Climate Change is Slowing Down Time

There are those who contend time isn’t real, while most of us spend our lives locked in its regimental advance.

Both those groups received unlikely validation from a recent survey item that could affect timekeeping worldwide.

Climate change is altering time by slowing down Earth’s rotation, researchers found. The key factor is the rate of polar ice melt. And if the warming effect continues at its current pace, the universal timing standard — UTC — will require a tweak by the end of the decade.

“Future Earth orientation shows that UTC as now defined will require a negative discontinuity by 2029,” the study, published in the journal Nature, said. “Global warming is already affecting global timekeeping.”

In short, climate change is slowing down time. And even though the study found things should only slow down by one second every few years, it could wreak “unprecedented” havoc — in the world of computer programming. (Sound familiar?)

Wrinkle in time

Duncan Agnew, a University of California, San Diego researcher and the study’s lead author, described the problem with an assortment of angular velocities. As the earth’s 5,400˚ C solid metal core rotates, it affects how the other layers behave. The core has cooled at a constant rate since 1972, the researchers pointed out.
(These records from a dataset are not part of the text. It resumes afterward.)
(* Let $0<q<1$. Then \[ \sum_{n=0}^{\infty}\frac{(1-q^{4n+3})(1-q^{2n+1})(1/2|q^{2})_{n}^{2}(1/3|q^{2})_{n}(2/3|q^{2})_{n}}{(1-q^{2})(1-q^{2n+2})([n]_{q^{2}}!)^{2}(7/6|q^{2})_{n+1}(5/6|q^{2})_{n+1}}\,q^{2n} =\frac{[1/6]_{q^{2}}\,(q^{4/3},q^{2/3};q^{2})_{\infty}\,q^{1/4}}{[1/3]_{q^{2}}[2/3]_{q^{2}}[1/2]_{q^{2}}\,(q^{1/3},q^{5/3};q^{2})_{\infty}\,\pi_{q}}. \]
   Context: Let $0<q<1$ and write $q^{x}=e^{x\log q}$. $(z;q)_\infty=\prod_{k\ge0}(1-zq^k)$, $(z_1,z_2;q)_\infty=(z_1;q)_\infty(z_2;q)_\infty$. $[z]_{q^2}=\frac{1-q^{2z}}{1-q^2}$; for integers $n\ge0$, $(x|q^2)_n=\prod_{k=0}^{n-1}[x+k]_{q^2}$ (empty product $=1$); $[0]_{q^2}!=1$, $[n]_{q^2}!=\prod_{k=1}^n[k]_{q^2}$. $\pi_q=(1-q^2)q^{1/4}\frac{(q^2;q^2)_\infty^2}{(q;q^2)_\infty^2}$. *)

From Stdlib Require Import Reals Lra Classical ClassicalEpsilon.
Open Scope R_scope.

Definition qpow (q x : R) : R := Rpower q x.

Fixpoint prodR (f : nat -> R) (n : nat) : R :=
  match n with O => 1 | S m => prodR f m * f m end.

(* the limit of a sequence if it converges, 0 otherwise *)
Definition seq_lim (u : nat -> R) : R :=
  match excluded_middle_informative (exists l, Un_cv u l) with
  | left H => proj1_sig (constructive_indefinite_description _ H)
  | right _ => 0
  end.

Definition qpoch_inf (z p : R) : R :=
  seq_lim (fun N => prodR (fun k => 1 - z * p ^ k) N).

(* [z]_{q^2} = (1 - q^{2z}) / (1 - q^2) *)
Definition qbr (q z : R) : R := (1 - qpow q (2 * z)) / (1 - q ^ 2).

(* (x|q^2)_n = prod_{k=0}^{n-1} [x+k]_{q^2} *)
Definition qshift (q x : R) (n : nat) : R :=
  prodR (fun k => qbr q (x + INR k)) n.

Definition qfact (q : R) (n : nat) : R :=
  prodR (fun k => qbr q (INR (S k))) n.

Definition pi_q (q : R) : R :=
  (1 - q ^ 2) * qpow q (1/4) * (qpoch_inf (q^2) (q^2)) ^ 2
    / (qpoch_inf q (q^2)) ^ 2.

From Stdlib Require Import Reals Lra Lia ClassicalEpsilon.
From Coquelicot Require Import Coquelicot.
Open Scope R_scope.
As the material cools, it still squishes and squelches around — just more slowly, sort of like refrigerated molasses or grape jelly.
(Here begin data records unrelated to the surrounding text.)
(* Let $r,k,s_1,\dots,s_k$ be nonnegative integers, $\Gamma$ the complete bipartite supernova quiver with these parameters, and $\boldsymbol\mu=(\mu^1,\dots,\mu^k)$ a $k$-tuple of nonzero partitions, $\mu^i=(\mu^i_1\ge\cdots\ge\mu^i_{s_i+1}\ge0)$. Assume $k>1$ or $v_{(1;0)}>1$, where $\mathbf{v}_{\boldsymbol\mu}=(v_a)_{a\in I}$. Then $\mathbf{v}_{\boldsymbol\mu}\in M_\Gamma$ if and only if $r\geq|\mu^i|+\mu^i_1$ for all $i=1,\dots,k$.
   Context: $\Gamma$ has vertex set $I$ consisting of $(l)$, $l=1,\dots,r$, and $(i;j)$, $i=1,\dots,k$, $j=0,\dots,s_i$; its edges are: one edge between $(l)$ and $(i;0)$ for every $l,i$, and one edge between $(i;j)$ and $(i;j-1)$ for $1\le j\le s_i$. The dimension vector $\mathbf{v}_{\boldsymbol\mu}$: $v_{(l)}=1$, $v_{(i;0)}=|\mu^i|$, $v_{(i;j)}=|\mu^i|-\sum_{f=1}^j\mu^i_f$ for $1\le j\le s_i$. Let $(\cdot,\cdot)$ be the symmetric bilinear form on $\mathbb{Z}^I$ with $(\mathbf{e}_a,\mathbf{e}_a)=2$ and $(\mathbf{e}_a,\mathbf{e}_b)=-$(number of edges joining $a$ and $b$) for $a\neq b$. $M_\Gamma$ is the set of nonzero $\mathbf{u}\in\mathbb{Z}_{\ge0}^I$ with connected support such that $(\mathbf{e}_a,\mathbf{u})\le0$ for all $a\in I$. *)

From HB Require Import structures.
From mathcomp Require Import all_boot all_order all_algebra.
Set Implicit Arguments. Unset Strict Implicit. Unset Printing Implicit Defensive.
Import Order.TTheory GRing.Theory Num.Theory.
Local Open Scope ring_scope.

(* Vertex (l), l = 1..r, is  inl l'  with l' : 'I_r  (l = l'+1);
   vertex (i;j), i = 1..k, j = 0..s_i, is  inr (Tagged _ j')  with tag i' : 'I_k
   (i = i'+1) and j' : 'I_(s i').+1 (j = j'). *)
Definition vert (r k : nat) (s : 'I_k -> nat) : finType :=
  ('I_r + {i : 'I_k & 'I_(s i).+1})%type.

Definition adj (r k : nat) (s : 'I_k -> nat) (a b : vert r s) : bool :=
  match a, b with
  | inl _, inr p => nat_of_ord (tagged p) == 0%N
  | inr p, inl _ => nat_of_ord (tagged p) == 0%N
  | inr p, inr q =>
      (tag p == tag q) &&
      (((nat_of_ord (tagged p)).+1 == nat_of_ord (tagged q)) ||
       ((nat_of_ord (tagged q)).+1 == nat_of_ord (tagged p)))
  | inl _, inl _ => false
  end.

Definition cartan (r k : nat) (s : 'I_k -> nat) (a b : vert r s) : int :=
  if a == b then 2%:Z else - (adj a b)%:Z.

Definition bform (r k : nat) (s : 'I_k -> nat) (x y : vert r s -> int) : int :=
  (\sum_(a : vert r s) \sum_(b : vert r s) x a * y b * cartan a b)%R.

Definition basisv (r k : nat) (s : 'I_k -> nat) (a : vert r s) : vert r s -> int :=
  fun b => ((a == b) : nat)%:Z.

Definition connected_support (r k : nat) (s : 'I_k -> nat) (u : vert r s -> int) : Prop :=
  forall a b : vert r s, u a != 0%R -> u b != 0%R ->
    connect (fun x y => [&& adj x y, u x != 0%R & u y != 0%R]) a b.

Definition in_M (r k : nat) (s : 'I_k -> nat) (u : vert r s -> int) : Prop :=
  [/\ forall a, (0 <= u a)%R,
      exists a, u a != 0%R,
      connected_support u &
      forall a, (bform (basisv a) u <= 0)%R].

(* partitions: mu i f is mu^{i+1}_f for f = 1 .. s_i + 1 (1-based) *)
Definition is_partition (n : nat) (m : nat -> nat) : Prop :=
  forall f, (1 <= f)%N -> (f < n.+1)%N -> (m f.+1 <= m f)%N.

Definition psize (n : nat) (m : nat -> nat) : nat := \sum_(1 <= f < n.+2) m f.

Definition vmu (r k : nat) (s : 'I_k -> nat) (mu : 'I_k -> nat -> nat)
    (a : vert r s) : int :=
  match a with
  | inl _ => 1%:Z
  | inr p => ((psize (s (tag p)) (mu (tag p)))%:Z
              - (\sum_(1 <= f < (nat_of_ord (tagged p)).+1) mu (tag p) f)%:Z)%R
  end.

From HB Require Import structures.
From mathcomp Require Import all_boot all_order all_algebra.
From mathcomp Require Import zify.
Import Order.TTheory GRing.Theory Num.Theory.
Local Open Scope ring_scope.
Set Implicit Arguments. Unset Strict Implicit.

(* On the arm i the entries of v_mu are the tail sums w_j = mu_{j+1} + ... +
   mu_{s_i+1}, so (e_(i;j), v_mu) = mu_{j+1} - mu_j <= 0 for j > 0 because mu^i
   is a partition, while at the root (e_(i;0), v_mu) = |mu^i| + mu^i_1 - r.
   At a vertex (l) the pairing is 2 - sum_i |mu^i|, which is nonpositive under
   the hypothesis k > 1 or |mu^1| > 1.  Connectedness holds because every (l)
   is joined to every (i;0), and the support of an arm, where w_j decreases, is
   an initial segment of it. *)

Definition arm {r k : nat} {s : 'I_k -> nat} (i : 'I_k) (j : 'I_(s i).+1) : vert r s :=
  inr (Tagged (fun i0 => 'I_(s i0).+1) j).
Arguments arm {r k s} i j.

Definition tailsum (n : nat) (m : nat -> nat) (j : nat) : nat :=
  (\sum_(j.+1 <= f < n.+2) m f)%N.

Lemma tailsum_eq0 n m j : (n < j)%N -> tailsum n m j = 0%N.
Proof. by move=> ltnj; rewrite /tailsum big_geq. Qed.

Lemma tailsumS n m j : (j <= n)%N -> tailsum n m j = (m j.+1 + tailsum n m j.+1)%N.
Proof. by move=> lejn; rewrite /tailsum big_ltn // !ltnS. Qed.

Lemma psize_tailsum n m : psize n m = tailsum n m 0.
Proof. by []. Qed.

Lemma sum_vert r k (s : 'I_k -> nat) (F : vert r s -> int) :
  \sum_(a : vert r s) F a =
    \sum_(l < r) F (inl l) + \sum_(i < k) \sum_(j < (s i).+1) F (arm i j).
Proof.
rewrite /vert big_sumType; congr (_ + _).
rewrite (@sig_big_dep _ 0 +%R _ _ xpredT (fun _ => xpredT)
           (fun i (j : 'I_(s i).+1) => F (arm i j))) /=.
by apply: eq_bigr => -[i j].
Qed.

Lemma sum_ord_eq_mul n d (F : nat -> int) :
  \sum_(j < n) (nat_of_ord j == d)%:Z * F j = (d < n)%:Z * F d.
Proof.
elim: n => [|n IHn]; first by rewrite big_ord0 ltn0 mul0r.
rewrite big_ord_recr /= IHn ltnS.
by case: (ltngtP d n) => [|_|->]; rewrite ?mul0r ?addr0 ?add0r.
Qed.

Lemma adj_irrefl r k (s : 'I_k -> nat) (a : vert r s) : adj a a = false.
Proof. by case: a => [l|[i j]] //=; rewrite eqxx /= orbb (gtn_eqF (ltnSn _)). Qed.

Lemma adj_sym r k (s : 'I_k -> nat) : symmetric (@adj r k s).
Proof. by case=> [l|[i j]] [l'|[i' j']] //=; rewrite eq_sym orbC. Qed.

Lemma bform_basisv r k (s : 'I_k -> nat) (a : vert r s) (u : vert r s -> int) :
  bform (basisv a) u = 2 * u a - \sum_b (adj a b)%:Z * u b.
Proof.
rewrite /bform (bigD1 a) //= [X in _ + X]big1 => [|c ca]; last first.
  by apply: big1 => b _; rewrite /basisv eq_sym (negbTE ca) !mul0r.
rewrite addr0 /basisv eqxx (bigD1 a) //= [X in _ - X](bigD1 a) //= adj_irrefl.
rewrite /cartan eqxx mul0r add0r mul1r mulrC -sumrN.
congr (_ + _); apply: eq_bigr => b ba.
by rewrite eq_sym (negbTE ba) mul1r mulrN mulrC.
Qed.

Lemma sum_nat_int (I : finType) (F : I -> nat) :
  (\sum_(i : I) F i)%N%:Z = \sum_(i : I) (F i)%:Z.
Proof. by elim/big_rec2: _ => // i x y _ <-; rewrite PoszD. Qed.

Section DimensionVector.

Variables (r k : nat) (s : 'I_k -> nat) (mu : 'I_k -> nat -> nat).

Local Notation v := (vmu (r:=r) (s:=s) mu).
Local Notation w i := (tailsum (s i) (mu i)).

Lemma vmu_arm i (j : 'I_(s i).+1) : v (arm i j) = (w i j)%:Z.
Proof.
rewrite /vmu /= /psize (@big_cat_nat _ _ _ j.+1) //= ?ltnS; last first.
  by rewrite ltnW // ltnS ltn_ord.
rewrite /tailsum PoszD; lia.
Qed.

Lemma vmu_ge0 a : 0 <= v a.
Proof. by case: a => [l|[i j]] //; rewrite -/(arm i j) vmu_arm. Qed.

Lemma adj_vmu_inl (l : 'I_r) :
  \sum_b (adj (inl l) b)%:Z * v b = \sum_i (psize (s i) (mu i))%:Z.
Proof.
rewrite sum_vert big1 ?add0r => [|l' _]; last by rewrite mul0r.
apply: eq_bigr => i _; under eq_bigr => j _ do rewrite vmu_arm.
by rewrite (sum_ord_eq_mul _ _ (fun n => (w i n)%:Z)) mul1r.
Qed.

Lemma adj_vmu_arm i (j : 'I_(s i).+1) :
  \sum_b (adj (arm i j) b)%:Z * v b =
    (if nat_of_ord j == 0%N then r else 0%N)%:Z + (w i j.+1)%:Z
    + (if (0 < j)%N then w i j.-1 else 0%N)%:Z.
Proof.
rewrite sum_vert -addrA; congr (_ + _).
  under eq_bigr => l _ do rewrite /= mulr1.
  by rewrite sumr_const card_ord; case: eqP => _; rewrite ?mul0rn // natz.
rewrite (bigD1 i) // [X in _ + X = _]big1 ?addr0 => [|i' ii']; last first.
  by apply: big1 => j' _; rewrite /= eq_sym (negbTE ii') mul0r.
under eq_bigr => j' _ do rewrite vmu_arm /= eqxx /=.
rewrite (eq_bigr (fun j' : 'I_(s i).+1 => (nat_of_ord j' == j.+1)%:Z * (w i j')%:Z
     + (j'.+1 == j)%:Z * (w i j')%:Z)); last first.
  move=> j' _; rewrite -mulrDl; congr (_ * _).
  by rewrite (eq_sym j.+1); case: eqP => [->|]; case: eqP => //=; lia.
rewrite big_split /= (sum_ord_eq_mul _ _ (fun n => (w i n)%:Z)).
congr (_ + _).
  by case: ltnP => [|/tailsum_eq0->]; rewrite ?mul1r ?mulr0.
case: j => [[|n] ltns] /=; first by rewrite big1 // => j' _; rewrite mul0r.
rewrite (eq_bigr (fun j' : 'I_(s i).+1 => (nat_of_ord j' == n)%:Z * (w i j')%:Z)) //.
by rewrite (sum_ord_eq_mul _ _ (fun n => (w i n)%:Z)) ltnW // mul1r.
Qed.

Lemma bform_vmu_inl (l : 'I_r) :
  bform (basisv (inl l)) v = 2 - (\sum_i psize (s i) (mu i))%N%:Z.
Proof. by rewrite bform_basisv adj_vmu_inl sum_nat_int. Qed.

Lemma bform_vmu_root i :
  bform (basisv (arm i ord0)) v = (psize (s i) (mu i) + mu i 1)%:Z - r%:Z.
Proof.
rewrite bform_basisv adj_vmu_arm vmu_arm /= psize_tailsum tailsumS //; lia.
Qed.

Lemma bform_vmu_arm i (j : 'I_(s i).+1) : (0 < j)%N ->
  bform (basisv (arm i j)) v = (mu i j.+1)%:Z - (mu i j)%:Z.
Proof.
case: j => [[|n] ltns] //= _; rewrite bform_basisv adj_vmu_arm vmu_arm /=.
rewrite (@tailsumS _ _ n) 1?(@tailsumS _ _ n.+1) //; lia.
Qed.

Hypothesis psize_gt0 : forall i, (0 < psize (s i) (mu i))%N.

Let w0_gt0 i : (0 < w i 0)%N. Proof. exact: psize_gt0. Qed.

Let e := fun x y : vert r s => [&& adj x y, v x != 0 & v y != 0].

Lemma connect_inl_arm (l : 'I_r) i (j : 'I_(s i).+1) :
  v (arm i j) != 0 -> connect e (inl l) (arm i j).
Proof.
rewrite vmu_arm; case: j => n /=; elim: n => [|n IHn] ltns wn_neq0.
  by apply: connect1; rewrite /e vmu_arm /=; have := w0_gt0 i; lia.
have ltns' : (n < (s i).+1)%N by apply: ltnW.
have wn1_neq0 : (w i n)%:Z != 0 by rewrite tailsumS //; lia.
apply: connect_trans (IHn ltns' wn1_neq0) (connect1 _).
by rewrite /e !vmu_arm /= !eqxx /=; apply/andP.
Qed.

Lemma vmu_connected_support : (0 < r)%N -> (0 < k)%N -> connected_support v.
Proof.
move=> r_gt0 k_gt0; pose l0 := Ordinal r_gt0; pose i0 := Ordinal k_gt0.
have e_sym : symmetric e.
  by move=> x y; rewrite /e adj_sym; case: (v x != 0); rewrite ?andbF ?andbT.
have hub a : v a != 0 -> connect e (inl l0) a.
  case: a => [l _|[i j]]; last exact: connect_inl_arm.
  have root_neq0 : v (arm i0 ord0) != 0 by rewrite vmu_arm /=; have := w0_gt0 i0; lia.
  apply: connect_trans (connect_inl_arm l0 root_neq0) (connect1 _).
  by rewrite /e adj_sym root_neq0 /=.
move=> a b /hub la /hub lb; apply: connect_trans lb.
by rewrite (sym_connect_sym e_sym).
Qed.

End DimensionVector.

Lemma sum_gt1 k (p : 'I_k -> nat) :
  (forall i, 0 < p i)%N -> (1 < k)%N \/ (exists i, 1 < p i)%N -> (1 < \sum_i p i)%N.
Proof.
move=> p_gt0 [k_gt1|[i pi_gt1]].
  pose i0 := Ordinal (ltnW k_gt1); pose i1 := Ordinal k_gt1.
  rewrite (bigD1 i0) // (bigD1 i1) //=.
  by have := p_gt0 i0; have := p_gt0 i1; lia.
by rewrite (bigD1 i) //=; lia.
Qed.

Theorem lemma2p6 (r k : nat) (s : 'I_k -> nat) (mu : 'I_k -> nat -> nat)
  (hpart : forall i : 'I_k, is_partition (s i) (mu i))
  (hnz : forall i : 'I_k, (0 < psize (s i) (mu i))%N)
  (hkv : (1 < k)%N \/
         exists i : 'I_k, nat_of_ord i = 0%N /\
           (1 < vmu mu (inr (Tagged (fun i0 : 'I_k => 'I_(s i0).+1) (ord0 : 'I_(s i).+1)) : vert r s))%R) :
  in_M (vmu (r:=r) (s:=s) mu) <->
  (forall i : 'I_k, (psize (s i) (mu i) + mu i 1 <= r)%N).
Proof.
split=> [[_ _ _ bform_le0] i|r_ge].
  by have := bform_le0 (arm i ord0); rewrite bform_vmu_root; lia.
have k_gt0 : (0 < k)%N by case: hkv => [|[[i ltik] _]]; lia.
have r_gt0 : (0 < r)%N by have := r_ge (Ordinal k_gt0); have := hnz (Ordinal k_gt0); lia.
split; first exact: vmu_ge0.
- exists (arm (Ordinal k_gt0) ord0).
  by rewrite vmu_arm -psize_tailsum; have := hnz (Ordinal k_gt0); lia.
- exact: vmu_connected_support.
case=> [l|[i j]].
  rewrite bform_vmu_inl; suff : (1 < \sum_i psize (s i) (mu i))%N by lia.
  apply: sum_gt1 => //; case: hkv => [|[i [_ root_gt1]]]; [by left | right; exists i].
  by move: root_gt1; rewrite -/(arm i ord0) vmu_arm psize_tailsum /=; lia.
rewrite -/(arm i j); have [j0|j_gt0] := posnP j.
  rewrite (_ : j = ord0); last exact: val_inj.
  by rewrite bform_vmu_root; have := r_ge i; lia.
by rewrite bform_vmu_arm //; have := hpart i j j_gt0 (ltn_ord j); lia.
Qed.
As the magma loses angular velocity, the rest of the layers speed up. This would theoretically speed up time — unless something else slowed it down.

Enter Earth’s polar regions, where spiking temperatures are decimating ice reserves. Observations from NASA show Antarctica has lost 2,500 gigatons of ice mass since 2002 (a gigaton is a billion metric tons).
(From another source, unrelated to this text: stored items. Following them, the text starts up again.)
(* (T, e) is a bar k-visibility graph (the class B_k, closed under isomorphism
   since the vertex type is arbitrary): there is a bar representation, one bar
   per vertex, pairwise disjoint, with adjacency = line of sight. *)
Definition bar_k_visibility_graph (k : nat) (T : finType) (e : rel T) : Prop :=
  exists f : T -> bar,
    (forall u v : T, u != v -> bars_disjoint (f u) (f v)) /\
    (forall u v : T, e u v <-> (u != v /\ line_of_sight k f u v)).

From Stdlib Require Import Reals Lra ClassicalEpsilon.
From mathcomp Require Import all_boot zify boolp.

Set Implicit Arguments.
Unset Strict Implicit.
Unset Printing Implicit Defensive.

(* The complete graph on [4j + 4] vertices is a bar
   [j]-visibility graph, realised by an explicit staggered stack of bars. It is not a bar
   [i]-visibility graph: the bars of a clique pairwise overlap, so they share a column, and
   pairing them by height rank at distance [2i + 3] yields a pair whose sight line is
   blocked by [i + 1] bars.
   Conversely, an induced four-cycle padded with [i] further vertices is a bar
   [i]-visibility graph. In a bar [j]-visibility graph on at most [j + 3] vertices, two
   non-adjacent bars sharing a column would have their segment crossed by every other bar,
   and then a second non-adjacent pair would see each other. So both diagonals of an
   induced four-cycle have column-disjoint bars, which four intervals with cyclically
   overlapping neighbours cannot achieve. *)

Definition in_range (b : bar) (x : R) : Prop := Rle (bx1 b) x /\ Rle x (bx2 b).

Definition crosses (b : bar) (x y1 y2 : R) : Prop :=
  in_range b x /\ Rle (Rmin y1 y2) (by_ b) /\ Rle (by_ b) (Rmax y1 y2).

Lemma between_minmax (a b c : R) :
  Rle (Rmin a b) c /\ Rle c (Rmax a b) <->
  (Rle a c /\ Rle c b) \/ (Rle b c /\ Rle c a).
Proof. rewrite /Rmin /Rmax; case: Rle_dec; lra. Qed.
It’s induced a gigantic weight redistribution, as water drains toward the equator.

“When the ice melts, the water spreads out over the whole ocean; this increases the moment of inertia, which slows the Earth down,” Agnew told Radio France.

 

Officials charged with keeping world time already saw this dissonance coming; they just thought we would reach it three years earlier than Agnew now proposes. And it actually postpones any required response to a possible computer problem that echoes a famous panic from decades ago.

Time warp

Timekeeping took a major step forward in 1967, when the cesium-133 atomic clock became the standard for measuring the second in the International System of Units. Before then, time was astronomical — measured only by Earth’s rotation and relative position in the solar system.

But since atomic clocks use quartz oscillators tuned to electron movement inside the nuclei of atoms, they’re far more accurate. In fact, we’ve added 27 “leap” seconds to UTC since the advent of the system.

Now, though, we’re in uncharted territory — the land of the “negative leap second,” where we face removing time from the world clock for the first time ever. Consensus says we’ll need the negative leap second in 2029; Agnew’s research says 2026.

Either way, it could spell trouble for computer software, which generally only accounts for adding leap seconds, not subtracting them.

“This has never happened before, and poses a major challenge to making sure that all parts of the global timing infrastructure show the same time,” Agnew said, per the BBC.

So give your Y2K shelter keys a jingle and start buying all the toilet paper you can. Or just set your watch back a tick. Or not. Time’s not real anyway — is it?

Sam Anderson

Sam Anderson takes any writing assignments he can talk his way into while intermittently traveling the American West and Mexico in search of margaritas — er, adventure. He parlayed a decade of roving trade work into a life of fair-weather rock climbing and truck dwelling before (to his parents’ evident relief) finding a way to put his BA in English to use. Sam loves animals, sleeping outdoors, campfire refreshments and a good story.